LA MATERIALIZACIÓN DEL MITO

Serán este tipo de historias sobre el origen del cosmos las que constituyan los ritos y cultos religiosos en el área maya. Dos ejemplos de la materialización de estos mitos los podemos ver en la cancha de juego de pelota de Chichén Itzá y en la tumba de Pakal, gobernador de Palenque durante el siglo VII.

Muro de la cancha de juego de pelota en Chichén Itzá

Si nos fijamos con atención veremos a la derecha de la imagen un personaje que sostiene una cabeza cortada de la que brotan chorros de sangre en forma de serpientes y en el lado izquierdo de la imagen el cuerpo decapitado con sus serpientes sangrantes.

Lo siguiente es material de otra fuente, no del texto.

(* The assignment $(P,J)\mapsto(\mathfrak I(P,J),K_{\mathfrak I(P,J)})$ extends to a 2-functor $\mathfrak I:\mathbf{DocSites}\to\mathbf{GeomDoc}$ which is a strict left 2-adjoint to the inclusion $\mathbf{GeomDoc}\hookrightarrow\mathbf{DocSites}$: on a 1-cell $(F,a)$ it is the unique morphism of geometric doctrines $(F,\mathfrak a)$ with $\mathfrak a\circ\eta^{(P,J)}=\eta^{(Q,K)}\circ a$, and every 2-cell $\alpha:(F,a)\Rightarrow(F',a')$ of $\mathbf{DocSites}$ is also a 2-cell $\alpha:(F,\mathfrak a)\Rightarrow(F',\mathfrak a')$. In particular, for every doctrinal site $(P,J)$ and geometric doctrine $\mathbb L$ there is an isomorphism of categories, natural in both variables, $$\mathrm{Hom}_{\mathbf{DocSites}}((P,J),(\mathbb L,K_{\mathbb L}))\cong\mathrm{Hom}_{\mathbf{GeomDoc}}((\mathfrak I(P,J),K_{\mathfrak I(P,J)}),(\mathbb L,K_{\mathbb L})),$$ given by precomposition with $(\mathrm{id}_{\mathcal C},\eta^{(P,J)})$.
   Context: A doctrine is a functor $P:\mathcal C^{op}\to\mathbf{PreOrd}$ ($\mathcal C$ a small category). Its Grothendieck construction $\mathcal C\rtimes P$ has objects the pairs $(c,x)$ with $c\in\mathcal C$, $x\in P(c)$, and a morphism $f:(c,x)\to(d,y)$ for each morphism $f:c\to d$ of $\mathcal C$ with $x\le P(f)(y)$. A doctrinal site is a pair $(P,J)$ with $J$ a Grothendieck topology on $\mathcal C\rtimes P$. A functor $F:\mathcal C\to\mathcal D$ is flat if it is a morphism of sites $(\mathcal C,J_{triv})\to(\mathcal D,J_{triv})$ for the trivial topologies. The 2-category $\mathbf{DocSites}$ has doctrinal sites as objects; a 1-cell $(F,a):(P,J)\to(Q,K)$ (with $Q:\mathcal D^{op}\to\mathbf{PreOrd}$) is a flat functor $F:\mathcal C\to\mathcal D$ and a natural transformation $a:P\Rightarrow Q\circ F^{op}$ such that $F\rtimes a:\mathcal C\rtimes P\to\mathcal D\rtimes Q$, $(c,x)\mapsto(F(c),a_c(x))$, $f\mapsto F(f)$, is a morphism of sites $(\mathcal C\rtimes P,J)\to(\mathcal D\rtimes Q,K)$; a 2-cell $(F,a)\Rightarrow(F',a')$ is a natural transformation $\alpha:F\Rightarrow F'$ with $a_c(x)\le Q(\alpha_c)(a'_c(x))$ for all $c$, $x\in P(c)$. $\mathbf{Frm}_{open}$ is the category of frames and frame homomorphisms having a left adjoint satisfying Frobenius reciprocity. For $\mathbb L:\mathcal C^{op}\to\mathbf{Frm}_{open}$ and $f:d\to c$, $\exists_f$ denotes the left adjoint of $\mathbb L(f)$. Such $\mathbb L$ is a geometric doctrine if for every $h:e\to d$ in $\mathcal C$ and every sieve $S$ on $(d,V)$ in $\mathcal C\rtimes\mathbb L$ with $V=\bigvee_{(f:(c,U)\to(d,V))\in S}\exists_fU$, one has $\mathbb L(h)(V)=\bigvee\exists_gW$ over all $g:(c,W)\to(e,\mathbb L(h)(V))$ with $h\circ g\in S$. $K_{\mathbb L}$ is the topology on $\mathcal C\rtimes\mathbb L$ in which $\{f_i:(c_i,U_i)\to(d,V)\}_i$ covers iff $V=\bigvee_i\exists_{f_i}U_i$. $\mathbf{GeomDoc}$ is the full 2-subcategory of $\mathbf{DocSites}$ on the $(\mathbb L,K_{\mathbb L})$; its 1-cells are morphisms of geometric doctrines. Geometric completion: $\mathfrak I(P,J)(c)$ is the set, ordered by inclusion, of sets $S$ of pairs $(f,x)$ with $f:d\to c$ in $\mathcal C$, $x\in P(d)$ such that (a) if $(f,x)\in S$, $g:e\to d$, $y\in P(e)$, $y\le P(g)(x)$ then $(f\circ g,y)\in S$; (b) if $f:d\to c$, $x\in P(d)$ and there is a $J$-covering family $\{h_i:(e_i,y_i)\to(d,x)\}$ with $(f\circ h_i,y_i)\in S$ for all $i$, then $(f,x)\in S$; for $f:d\to c$, $\mathfrak I(P,J)(f)(S)=\{(g,y):(f\circ g,y)\in S\}$. The unit $\eta^{(P,J)}_c(x)$ is the smallest element of $\mathfrak I(P,J)(c)$ containing $\{(g,y):g:e\to c,\ y\le P(g)(x)\}$. $\mathfrak I(P,J)$ is a geometric doctrine, and there is a unique morphism of geometric doctrines extending any morphism $(P,J)\to(\mathbb L,K_{\mathbb L})$ along $\eta^{(P,J)}$. *)

From Stdlib Require Import ProofIrrelevance FunctionalExtensionality PropExtensionality.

Esta es una muestra de que el juego de pelota no era un simple entretenimiento sino que era todo un ritual, un juego destinado a personalidades importantes en cuyos partidos representaban el movimiento de los astros y el nacimiento de estos. Uno de los bandos (los autores no se ponen de acuerdo si el ganador o el vencedor) sería sacrificado al igual que lo hicieron los dioses por los hombres.

Dibujo del sarcófago de Pakal

En esta imagen vemos el dibujo que adorna el sarcófago de Pakal. Se representa al gobernante enterrado y renacido como el Dios del maíz de cuyo vientre brota una ceiba, el árbol sagrado de los mayas que conecta los tres planos de la existencia; inframundo, superficie y cielo. En la copa del árbol se posa el dios creador.

Esta forma que ha elegido el gobernante de representarse no es casual ya que los gobernantes eran los intermediarios entre lo mortal y lo divino, eran semidioses que una vez muriesen se convertirían en dioses. Esta era una de las formas con las que legitimaban su poder de modo que se representa como el sustento del la realidad y encarnación de los dioses.

 

Fuentes:

Chilam Balam de Chumayel

De la Garza, M., Ilia, M., 2002: Religión Maya.